Hugging Face

load_model
Accelerate
- Accelerate CLI
Llama + Flash Attention
Text Generation Inference
bitsandbytes 설치
trlX + pipeline
generate() 속도 개선

load_model

GPU 메모리에 모델을 올리려면 CPU 메모리도 그 이상이 확보되어야 한다. 그렇지 않으면 올리다가 killed.
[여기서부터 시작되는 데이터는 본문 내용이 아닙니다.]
(* Let $T>0$ and let $\omega\in\mathbf{R}$, $\omega\neq 0$, be such that $e^{2i\omega T}\neq 1$. Then for any $a\in H^1$ and $g\in H^2$ there exists a unique solution $u\in\mathcal{W}^1_\infty$ of the boundary value problem $$\frac{d^2u}{dt^2}(t)=Au(t),\ t\in(0,T),\qquad u(0)=a,\qquad \int_0^T e^{i\omega t}u(t)\,dt=g .$$ Moreover, there exists $c>0$ depending only on $A$ (together with its boundary conditions, i.e. the eigen-system $\{\lambda_k,v_k\}$), $T$ and $\omega$ such that $$\|u\|_{\mathcal{W}^1_\infty}\le c\left(\|a\|_{H^1}+\|g\|_{H^2}\right)\qquad\forall a\in H^1,\ g\in H^2 .$$
   Context: Let $\mathrm{D}\subset\mathbf{R}^n$ be a domain and $H=L_2(\mathrm{D};\mathbf{C})$ (complex-valued square integrable functions) with inner product $(\cdot,\cdot)_H$. $A$ is a self-adjoint operator on $H$ (with boundary conditions encoded by a dense subset $H_{BC}\subset H$) mapping real-valued functions to real-valued functions, and there is an orthonormal basis $\{v_k\}_{k\ge1}$ of $H$ consisting of eigenfunctions, $Av_k=-\lambda_k v_k$, with $\lambda_k\in(0,+\infty)$ and $\lambda_k\to+\infty$. For $q=-1,0,1,2$, $H^q$ is the completion (closure of $H_{BC}\cap D(A)$) with respect to the norm $\|u\|_{H^q}=\big(\sum_{k\ge1}\lambda_k^q|(u,v_k)_H|^2\big)^{1/2}$; $H^0=H$. For $r\in[1,\infty]$, $\mathcal{C}^q=C([0,T];H^q)$, $\mathcal{L}^q_r=L_r([0,T];H^q)$ (Lebesgue measure), and $\mathcal{W}^1_r=\{u\in\mathcal{C}^0\cap\mathcal{L}^1_r:\ du/dt\in\mathcal{C}^0\}$ with norm $\|u\|_{\mathcal{W}^1_r}=\|u\|_{\mathcal{C}^0}+\|u\|_{\mathcal{L}^1_r}+\|du/dt\|_{\mathcal{C}^0}$. A function $u\in\mathcal{W}^1_1$ is said to satisfy $\frac{d^2u}{dt^2}=Au$ if $\frac{du}{dt}(t)-\frac{du}{dt}(s)=\int_s^tAu(r)\,dr$ holds in $H^{-1}$ for all $0\le s\le t\le T$; the conditions $u(0)=a$ and $\int_0^Te^{i\omega t}u(t)dt=g$ are required as equalities in $H$. *)

From Stdlib Require Import Reals Lra ClassicalEpsilon.
Open Scope R_scope.
(* For every finite alphabet $\Sigma$ with $|\Sigma| \geq 2$, the group $\mathrm{Aut}(\Sigma^\mathbb{Z})$ does not satisfy the Tits alternative. That is, there is a finitely generated subgroup of $\mathrm{Aut}(\Sigma^\mathbb{Z})$ which is not virtually solvable and contains no free group on two generators.
   Context: $\Sigma^\mathbb{Z}$ carries the product topology and the shift $\sigma(x)_i = x_{i+1}$. $\mathrm{Aut}(\Sigma^\mathbb{Z})$ is the group of homeomorphisms $f:\Sigma^\mathbb{Z}\to\Sigma^\mathbb{Z}$ with $f\circ\sigma=\sigma\circ f$ (the group of reversible cellular automata). A group $G$ satisfies the Tits alternative if every finitely generated subgroup $H \le G$ is either virtually solvable (has a solvable subgroup of finite index) or contains a free group on two generators. *)

From Stdlib Require Import ZArith List.
From mathcomp Require Import all_boot.
Set Implicit Arguments. Unset Strict Implicit. Unset Printing Implicit Defensive.

Definition config (S : Type) := Z -> S.

Definition shift (S : Type) (x : config S) : config S := fun i => x (i + 1)%Z.

Definition agree (S : Type) (n : nat) (x y : config S) : Prop :=
  forall i : Z, (- Z.of_nat n <= i <= Z.of_nat n)%Z -> x i = y i.

(* Continuity for the product topology on S^Z (S discrete): the cylinder
   sets over centered windows form a neighbourhood basis. *)
Definition continuous (S : Type) (f : config S -> config S) : Prop :=
  forall (x : config S) (n : nat), exists m : nat,
    forall y : config S, agree m x y -> agree n (f x) (f y).

Definition is_aut (S : Type) (f : config S -> config S) : Prop :=
  (exists g : config S -> config S,
      cancel f g /\ cancel g f /\ continuous f /\ continuous g)
  /\ (forall x, f (shift x) = shift (f x)).

Section GroupTheory.
Variable T : Type.
Notation fn := (T -> T).

Inductive gen (A : fn -> Prop) : fn -> Prop :=
| gen_id : gen A id
| gen_mul : forall a b, A a -> gen A b -> gen A (a \o b)
| gen_mulinv : forall a a' b, A a -> cancel a a' -> cancel a' a ->
    gen A b -> gen A (a' \o b).

Definition gen_list (l : list fn) : fn -> Prop := gen (fun f => In f l).

Definition is_subgroup (K : fn -> Prop) : Prop :=
  K id /\ (forall a b, K a -> K b -> K (a \o b)) /\
  (forall a, K a -> exists a', cancel a a' /\ cancel a' a /\ K a').

Definition commutators (D : fn -> Prop) : fn -> Prop :=
  fun c => exists a a' b b', D a /\ D b /\ cancel a a' /\ cancel a' a /\
    cancel b b' /\ cancel b' b /\ c = a' \o b' \o a \o b.

Definition derived (D : fn -> Prop) : fn -> Prop := gen (commutators D).

Fixpoint derived_iter (n : nat) (D : fn -> Prop) : fn -> Prop :=
  match n with 0 => D | n'.+1 => derived (derived_iter n' D) end.

Definition solvable_grp (K : fn -> Prop) : Prop :=
  exists n, forall k, derived_iter n K k -> k = id.

Definition finite_index (K H : fn -> Prop) : Prop :=
  exists l : list fn, forall h, H h -> exists r k, In r l /\ K k /\ h = r \o k.

Definition virtually_solvable (H : fn -> Prop) : Prop :=
  exists K, is_subgroup K /\ (forall k, K k -> H k) /\
    finite_index K H /\ solvable_grp K.

(* words over {a, b}^{+-1}: letter (g, s), g = false for a, true for b;
   s = true for the inverse *)
Definition letter := (bool * bool)%type.

Fixpoint reduced (w : list letter) : Prop :=
  match w with
  | l1 :: ((l2 :: _) as w') =>
      ~ (l1.1 = l2.1 /\ l1.2 = ~~ l2.2) /\ reduced w'
  | _ => True
  end.

Definition eval_letter (a a' b b' : fn) (l : letter) : fn :=
  match l with
  | (false, false) => a | (false, true) => a'
  | (true, false) => b | (true, true) => b' end.

Fixpoint eval_word (a a' b b' : fn) (w : list letter) : fn :=
  match w with
  | nil => id
  | l :: w' => eval_letter a a' b b' l \o eval_word a a' b b' w'
  end.

Definition contains_free2 (H : fn -> Prop) : Prop :=
  exists a a' b b', H a /\ H b /\ cancel a a' /\ cancel a' a /\
    cancel b b' /\ cancel b' b /\
    forall w : list letter, w <> nil -> reduced w -> eval_word a a' b b' w <> id.

End GroupTheory.

(* The group is generated by a conveyor belt [belt] and the maps [controlled g], g in A5.
   Configurations are read through frames, 14-cell patterns that no generator creates or
   destroys.  Each frame has two lane cells, which together form a two-lane belt rotated
   by [belt], and three cells holding a point of {0,...,4}, to which [controlled g] applies
   g when its upper lane cell carries [one].

   Every element of the group is a field of A5-elements acting frame by frame, composed
   with a power of the belt, its degree.  A commutator has degree 0, so its 30th power is
   trivial (30 is the exponent of A5): the group has no free subgroup.

   A subgroup K of finite index contains a power [belt_pow J], J > 0.  By pigeonhole on
   products of conjugates of [controlled g] by powers of [belt_pow J], K also contains, for
   every g in A5, an element acting as g on the point of frame 0 of every configuration
   whose upper lane, at the positions that are multiples of J, carries [one] only at 0.
   As every element of A5 is a commutator, the same holds in each derived subgroup of K,
   so K is not solvable. *)

From Stdlib Require Import ZArith List Lia FunctionalExtensionality Classical.
From mathcomp Require Import all_boot zify.
Set Implicit Arguments. Unset Strict Implicit. Unset Printing Implicit Defensive.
AWS에서 g5.xlarge는 A10G 24G지만 CPU 메모리가 16G라서 모델이 올라가지 않는다. 허깅 페이스에서는 CPU, GPU 메모리를 구분하지만 CPU 메모리 지정이 정확해도 killed. 필요 조건: GPU 메모리 < CPU 메모리 g5.2xlarge 이상.

모델에서 파라미터를 8bit quantization 했을 때 속도 문제가 있음. 1/2 속도로 느려졌다.

max_memory에 따라 분산 로딩한다. GPU > CPU > Disk 순. device_map='auto'는 고르게 분산. 특정 디바이스 지정은 device_map={'':1}. 단일 디바이스일때(float32)는 95% 이상 utilization을 하지만 4장으로 분산하는 경우 17% 정도에 머무른다. 초당 사용량이므로 bubble로 인한 것으로 보임. 또한 bfloat16에서는 58% 정도만 utilization 한다.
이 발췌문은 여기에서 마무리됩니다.